I don’t think that’s a good idea. See How to check real names and surnames - PHP
I don't know how you would account for what is valid or not, and depending on your global reach, you will probably not be able to remove anything without locking out somebody. But a Google search turned this up which may be helpful.
http://nadeausoftware.com/articles/2007/09/php_tip_how_strip_symbol_characters_web_page
You could loop through the input string and use the String.charCodeAt() function to get the integer character code for each character. Set yourself up with a range of acceptable characters and do your comparison.
As noted POSIX character classes are likely the best bet. But the details of their support (and alternatives) vary very much with the details of the specific regex variant.
PHP apparently does support them, but JavaScript does not.
This means for JavaScript you will need to use character ranges: /[\u0400-\u04FF]/ matches any one Cyrillic character.

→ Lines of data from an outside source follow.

(* Terms [¬(¬x ⊕ y)] are the products [x ⊙ ¬y] of the literature, [x ⊙ y := ¬(¬x ⊕ ¬y)];
   lemma names refer to them as [odot]. *)
Lemma mv_le_odot x y : mv_le (¬(¬x ⊕ y)) x.
Proof. by apply/mv_le_negl; apply: mv_le_addr. Qed.

Lemma mv_residuation x y z : mv_le (¬(¬x ⊕ z)) y <-> mv_le x (y ⊕ z).
Proof. by rewrite /mv_le mv_negK mv_addCA mv_addC. Qed.

Lemma mv_odot_addN x y : ¬(¬(x ⊕ y) ⊕ x) = meet y (¬x).
Proof. by rewrite /mv_meet /mv_join !mv_negK (mv_addC y x). Qed.

Lemma mv_add_meetr x y z : x ⊕ meet y z = meet (x ⊕ y) (x ⊕ z).
Proof.
apply: mv_le_anti.
  by apply: mv_meet_glb; rewrite !(mv_addC x); apply: mv_le_add2r;
    [apply: mv_le_meetl | apply: mv_le_meetr].
rewrite (mv_addC x (meet y z)); apply/(mv_residuation (meet (x ⊕ y) (x ⊕ z))).
apply: mv_meet_glb.
- apply: mv_le_trans (mv_le_meetl y (¬x)); rewrite -mv_odot_addN.
  exact/mv_le_neg/mv_le_add2r/mv_le_neg/mv_le_meetl.
- apply: mv_le_trans (mv_le_meetl z (¬x)); rewrite -mv_odot_addN.
  exact/mv_le_neg/mv_le_add2r/mv_le_neg/mv_le_meetr.
Qed.

Lemma mv_add_meetN x y : x ⊕ meet y (¬x) = x ⊕ y.
Proof. by rewrite mv_add_meetr mv_addxN mv_meetx1. Qed.

Lemma mv_odot_add_meet x y : x = ¬(¬x ⊕ ¬y) ⊕ meet x (¬y).
Proof.
have -> : meet x (¬y) = ¬(¬x ⊕ ¬(¬x ⊕ ¬y)).
  rewrite /mv_meet mv_negK mv_joinC /mv_join (mv_addC (¬y)); congr (¬ _).
  exact: mv_addC.
by rewrite mv_addC -/(join _ _) mv_join_idl //; apply: mv_le_odot.
Qed.

Lemma mv_add_odot x y : x ⊕ y ⊕ ¬(¬x ⊕ ¬y) = x ⊕ y.
Proof.
rewrite [in RHS](mv_odot_add_meet y x) mv_addCA mv_add_meetN.
by rewrite (mv_addC (¬y)) mv_addC mv_addCA mv_addA.
Qed.

Lemma mv_prelinearity x y : meet (¬(¬x ⊕ y)) (¬(¬y ⊕ x)) = mv0.
Proof.
rewrite /mv_meet /mv_join !mv_negK.
have -> : ¬(¬x ⊕ y) ⊕ (¬y ⊕ x) = ¬y ⊕ x.
  by have := mv_add_odot x (¬y); rewrite mv_negK mv_addC (mv_addC (¬y)).
by rewrite mv_addNx mv_neg1.
Qed.

Lemma mv_meet_add_le x y z : mv_le (meet x (y ⊕ z)) (meet x y ⊕ meet x z).
Proof.
have hw : mv_le (meet x (y ⊕ z)) x := mv_le_meetl _ _.
have hw2 : mv_le (meet x (y ⊕ z)) (z ⊕ y) by rewrite mv_addC; apply: mv_le_meetr.
set w := meet x (y ⊕ z) in hw hw2 *.
rewrite [X in mv_le X _](mv_odot_add_meet w (¬y)) mv_negK (mv_addC _ (meet w y)).
apply: mv_le_add.
- apply: mv_meet_glb; last exact: mv_le_meetr.
  exact: mv_le_trans (mv_le_meetl _ _) hw.
- apply: mv_meet_glb; first exact: mv_le_trans (mv_le_odot _ _) hw.
  exact/mv_residuation.
Qed.

Fixpoint mv_natmul n x := if n is n'.+1 then x ⊕ mv_natmul n' x else mv0.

Clearly this will take some writing, but not the XML 1.0 Recommendation (from W3C) includes a listing of a lot of ranges, albeit a few years old now.
One approach might be to have a limited check on the client in JavaScript, and the full check only server side.
Related
I would like to create a regex which validates a name of a person. These should be allowed:
Letters (uppercase and lowercase)
-
spaces
This is pretty easy to create a regex for. The problem is that some people also use special characters in their names. For example, assume a user named gûnther or François. There are a lot of characters like û and ç available and it's hard to list all of these.

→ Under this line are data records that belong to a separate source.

Definition mgu (sigma : nat -> term F) (E : list (term F * term F)) : Prop :=
  unifier sigma E /\
  forall theta, unifier theta E ->
    exists delta, forall x, theta x = subst delta (sigma x).

(* parallel critical peak  t <=_R s ->^eps_S u  between R and S *)
Definition pc_peak (R S : trs) (s t u : term F) : Prop :=
  exists (l r : term F) (P : list pos) (rp : pos -> rule) (sigma : nat -> term F),
    (exists rl0, S rl0 /\ variant (l, r) rl0) /\
    P <> [] /\ parallel_set P /\
    (forall p, In p P -> is_fun_pos l p) /\
    (forall p, In p P -> exists rl0, R rl0 /\ variant (rp p) rl0) /\
    (forall p, In p P -> var_disjoint (rp p) (l, r)) /\
    (forall p q, In p P -> In q P -> p <> q -> var_disjoint (rp p) (rp q)) /\
    mgu sigma (map (fun p => (fst (rp p), match subterm l p with
                                          | Some v => v | None => Var 0 end)) P) /\
    (P = [[]] -> ~ variant (rp []) (l, r)) /\
    s = subst sigma l /\
    t = replace_all (subst sigma l) P (fun p => subst sigma (snd (rp p))) /\
    u = subst sigma r.

Definition PCPS (R C : trs) : trs :=
  fun rl => exists s t u, pc_peak R R s t u /\ ~ conv C t u /\
                          (rl = (s, t) \/ rl = (s, u)).

End TRS.

(* A peak t <=_R1 s =>_R2 u is then analysed
   by induction on s ([par_peak_closes]).  When both steps are below the root,
   the argument peaks are combined ([fun_peak_closes]).  When one of them, with
   rule l -> r, is at the root, the other parallel step out of the instance
   l mu is decomposed, using the linearity of l, into steps inside mu and root
   steps at a parallel set P of function positions of l ([decompose_par_step]).
   If P is empty the two steps commute; if the only redex is a variant of
   l -> r at the root, both results coincide ([variant_root_overlap]);
   otherwise the rules at P are renamed apart ([RenamingApart]) and a most
   general unifier, which exists by the unification algorithm
   ([unifiable_has_mgu]), exhibits the peak as an instance of a parallel
   critical peak ([overlap_cases]).  That critical peak is either
   C-convertible, giving alternative (i), or contributes its two rules to
   PCPS(R, C), giving alternative (ii) ([root_peak_closes]). *)
From Stdlib Require Import List Relations Lia Arith Classical.
Import ListNotations.

Section TermRewriting.
Context {F : Type}.

Fixpoint term_ind_nested (P : term F -> Prop)
  (HV : forall x, P (Var x)) (HF : forall f ts, Forall P ts -> P (Fun f ts))
  (t : term F) : P t :=
  match t with
  | Var x => HV x
  | Fun f ts => HF f ts ((fix go (l : list (term F)) : Forall P l :=
       match l with
       | [] => Forall_nil _
       | u :: us => Forall_cons _ (term_ind_nested P HV HF u) (go us)
       end) ts)
  end.

Lemma subst_comp (a b : nat -> term F) t :
  subst a (subst b t) = subst (fun x => subst a (b x)) t.
Proof.
  induction t using term_ind_nested; simpl; auto.
  f_equal. rewrite map_map. induction H; simpl; auto. f_equal; auto.
Qed.

Lemma subst_ext_vars (a b : nat -> term F) t :
  (forall x, In x (vars t) -> a x = b x) -> subst a t = subst b t.
Proof.
  induction t using term_ind_nested; simpl; intros Hx; auto.
  f_equal. induction H; simpl in *; auto.
  f_equal; [apply H | apply IHForall]; intros; apply Hx, in_or_app; auto.
Qed.

Lemma subst_eq_vars (a b : nat -> term F) t :
  subst a t = subst b t -> forall x, In x (vars t) -> a x = b x.
Proof.
  induction t using term_ind_nested; simpl; intros E y Hy.
  - destruct Hy as [<-|[]]; auto.
  - injection E as E. induction H; simpl in *; [destruct Hy|].
    injection E as E1 E2. apply in_app_or in Hy as [Hy|Hy]; auto.
Qed.

Lemma subst_Var (t : term F) : subst (fun x => Var x) t = t.
Proof.
  induction t using term_ind_nested; simpl; auto. f_equal.
  induction H; simpl; auto. f_equal; auto.
Qed.

Lemma vars_ren (pi : nat -> nat) (t : term F) :
  vars (subst (fun x => Var (pi x)) t) = map pi (vars t).
Proof.
  induction t using term_ind_nested; simpl; auto.
  induction H; simpl; auto. rewrite map_app. f_equal; auto.
Qed.

Lemma vars_subst (th : nat -> term F) t y :
  In y (vars (subst th t)) -> exists z, In z (vars t) /\ In y (vars (th z)).
Proof.
  induction t as [x|f ts IH] using term_ind_nested; simpl; intros H; [exists x; auto|].
  induction IH; simpl in *; [destruct H|].
  apply in_app_or in H as [H|H].
  - destruct (H0 H) as [z [? ?]]. exists z. split; auto. apply in_or_app; auto.
  - destruct (IHIH H) as [z [? ?]]. exists z. split; auto. apply in_or_app; auto.
Qed.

Is there an easy way to check for correct human names?
Is there an easy way to check for correct human names?
This has been discussed several times. I'm fairly certain that the only thing that people can agree on is that in order to exist a name cannot be a empty string, thus:
^.+$
(Yes, I am aware that this is probably not what OP is looking for. I'm just summarizing earlier Q&As.)
/^\pL[\pL '-]*\z/ should do the trick
The short answer is no, there is no easy way. You have touched on the biggest issue. There are so many special cases of accents and extra things hanging of letters that it will become a mess to deal with. Additionally, the expression with break down to something like this
^[CAPITAL_LETERS][ALL_LETERS_AND_SYMBOLS]*$
That is not that helpful because "Abcd" fits that and you have no way to know if someone is incorrectly entering info into the field or if it was a crazy Hollywood parent that actually named their kid that or something like Sandwich or Umbrella.
^.+$
Checked #jensgram answer, but that regex only accepts all strings, so it doesn't solve problem, because string needs to be name, in this case it can be anything.
^[A-Z][a-z]+$
My regex only accepts string where first char is uppercase and following chars are letters in lowercase. Also looking through other answers, this seems to be shortest regex and also simpliest.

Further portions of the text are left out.